• Goal of the exercise: Take each line of the material that includes "coefN" and copy it.

• Input data:
BEGIN

Lemma hpoly_hinv : eq_upto M (hpoly * hinv) 1.
Proof.
set P := fps_mul (fps_add (fps_one R) (fps_t R)) (@log1p_div_t R).
set g := fps_add P (fps_opp (fps_one R)).
have g0 : g 0%N = 0.
  rewrite /g /P /fps_add /fps_opp /fps_mul big_ord1 /fps_one /fps_t /log1p_div_t /=.
  by rewrite expr0 div1r invr1 addr0 mulr1 subrr.
set u := trunc M g.
have u_hinv : eq_upto M u (hinv - 1).
  rewrite /u /g trunc_add trunc_opp trunc_one //; apply: eq_uptoB => //.
  by apply: eq_upto_trans (trunc_mul _ _ _) _; rewrite trunc_add trunc_one // trunc_t.
(* h = 1/(1+u) is the geometric series in -u, which telescopes against 1+u *)
have h_geom : eq_upto M hpoly (\sum_(m < M) (- u) ^+ m).
  apply: eq_upto_trans (trunc_comp _ _ _ M_gt0 g0) _; apply: eq_upto_eq.
  by apply: eq_bigr => m _; rewrite -scaleN1r exprZn.
have geom_tel : (\sum_(m < M) (- u) ^+ m) * (1 + u) = 1 - (- u) ^+ M.
  by rewrite -opprB subrX1; ring.
have : eq_upto M (hpoly * hinv) ((\sum_(m < M) (- u) ^+ m) * (1 + u)).
  apply: eq_uptoM => //; apply: eq_upto_sym.
  by apply: eq_upto_trans (eq_uptoD (eq_upto_refl _ 1) u_hinv) _; apply: eq_upto_eq; ring.
rewrite geom_tel => /eq_upto_trans; apply => i lt_iM.
by rewrite coefB coef_exp_lt_eq0 ?subr0 // coefN coef_trunc M_gt0 g0 oppr0.
Qed.

Lemma deriv_hinv : eq_upto M.-1 hinv^`() (- qpoly).
Proof.
move=> i lt_iM; have lt_i1M : (i.+1 < M)%N by rewrite -ltn_predRL.
rewrite coefN coef_deriv /hinv mulrDl mul1r coefD coefXM /= /qpoly /logdiv.
rewrite !coef_trunc lt_i1M ltnW // /log1p_div_t /qcoef !exprS.
move: ((-1) ^+ i) => s.
by field; rewrite !gt0_addr_natr_neq0 ?ltr01 ?ltr0Sn.
Qed.

Lemma deriv_hpoly : eq_upto M.-1 hpoly^`() (hpoly ^+ 2 * qpoly).
Proof.
have h_hinv : eq_upto M.-1 (hpoly * hinv) 1 by apply: eq_upto_le hpoly_hinv; apply: leq_pred.
have dh_hinv : eq_upto M.-1 (hpoly^`() * hinv + hpoly * hinv^`()) 0.
  rewrite -derivM -(derivC 1) polyC1; apply: eq_upto_deriv.
  by rewrite -M_pred; apply: hpoly_hinv.
have : eq_upto M.-1 hpoly^`() (hpoly^`() * (hpoly * hinv)).
  by rewrite -{1}[hpoly^`()]mulr1; apply: eq_uptoM => //; apply: eq_upto_sym.
move/eq_upto_trans; apply.
have -> : hpoly^`() * (hpoly * hinv)
    = hpoly * (hpoly^`() * hinv + hpoly * hinv^`()) - hpoly ^+ 2 * hinv^`() by ring.
apply: eq_upto_trans (eq_uptoB (eq_uptoM (eq_upto_refl _ hpoly) dh_hinv)
                                (eq_uptoM (eq_upto_refl _ (hpoly ^+ 2)) deriv_hinv)) _.
by apply: eq_upto_eq; ring.
Qed.

Lemma logpoly_X : eq_upto M logpoly ('X * logdiv).
Proof.
move=> [|i] lt_iM; rewrite coefXM /logpoly /logdiv !coef_trunc lt_iM //=.
by rewrite /log1p_ser /log1p_div_t ltnW // !exprS !mulN1r opprK.
Qed.

Lemma deriv_logpoly : eq_upto M.-1 ((1 + 'X) * logpoly^`()) 1.
Proof.
move=> i lt_iM; have lt_i1M : (i.+1 < M)%N by rewrite -ltn_predRL.
rewrite mulrDl mul1r coefD coefXM coef1 coef_deriv /logpoly coef_trunc lt_i1M /log1p_ser.
case: i lt_iM lt_i1M => [|i] lt_iM lt_i1M /=; first by rewrite !exprS expr0; field.
rewrite coef_deriv coef_trunc ltnW //= !exprS; move: ((-1) ^+ i) => s.
by field; rewrite !gt0_addr_natr_neq0 ?ltr01 ?ltr0Sn.
Qed.

Lemma deriv_binpoly x : eq_upto M.-1 (binpoly x)^`() (x *: binpoly (x - 1)).
Proof.
move=> i lt_iM; have lt_i1M : (i.+1 < M)%N by rewrite -ltn_predRL.
rewrite coef_deriv coefZ !coef_trunc lt_i1M ltnW // /binom_ser big_ord_recl /= subr0.
have -> : \prod_(j < i) (x - (bump 0 j)%:R) = \prod_(j < i) (x - 1 - j%:R).
  by apply: eq_bigr => j _; rewrite /bump /= add1n -addn1 natrD; ring.
move: (\prod_(j < i) _) => P; rewrite factS natrM.
by field; rewrite natr_fact_neq0 !gt0_addr_natr_neq0 ?ltr01.
Qed.

Definition lifsum k := \sum_(m < M) Lif_ser R k m *: (- logpoly) ^+ m.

END

• The answer:
by rewrite coefB coef_exp_lt_eq0 ?subr0 // coefN coef_trunc M_gt0 g0 oppr0.
rewrite coefN coef_deriv /hinv mulrDl mul1r coefD coefXM /= /qpoly /logdiv.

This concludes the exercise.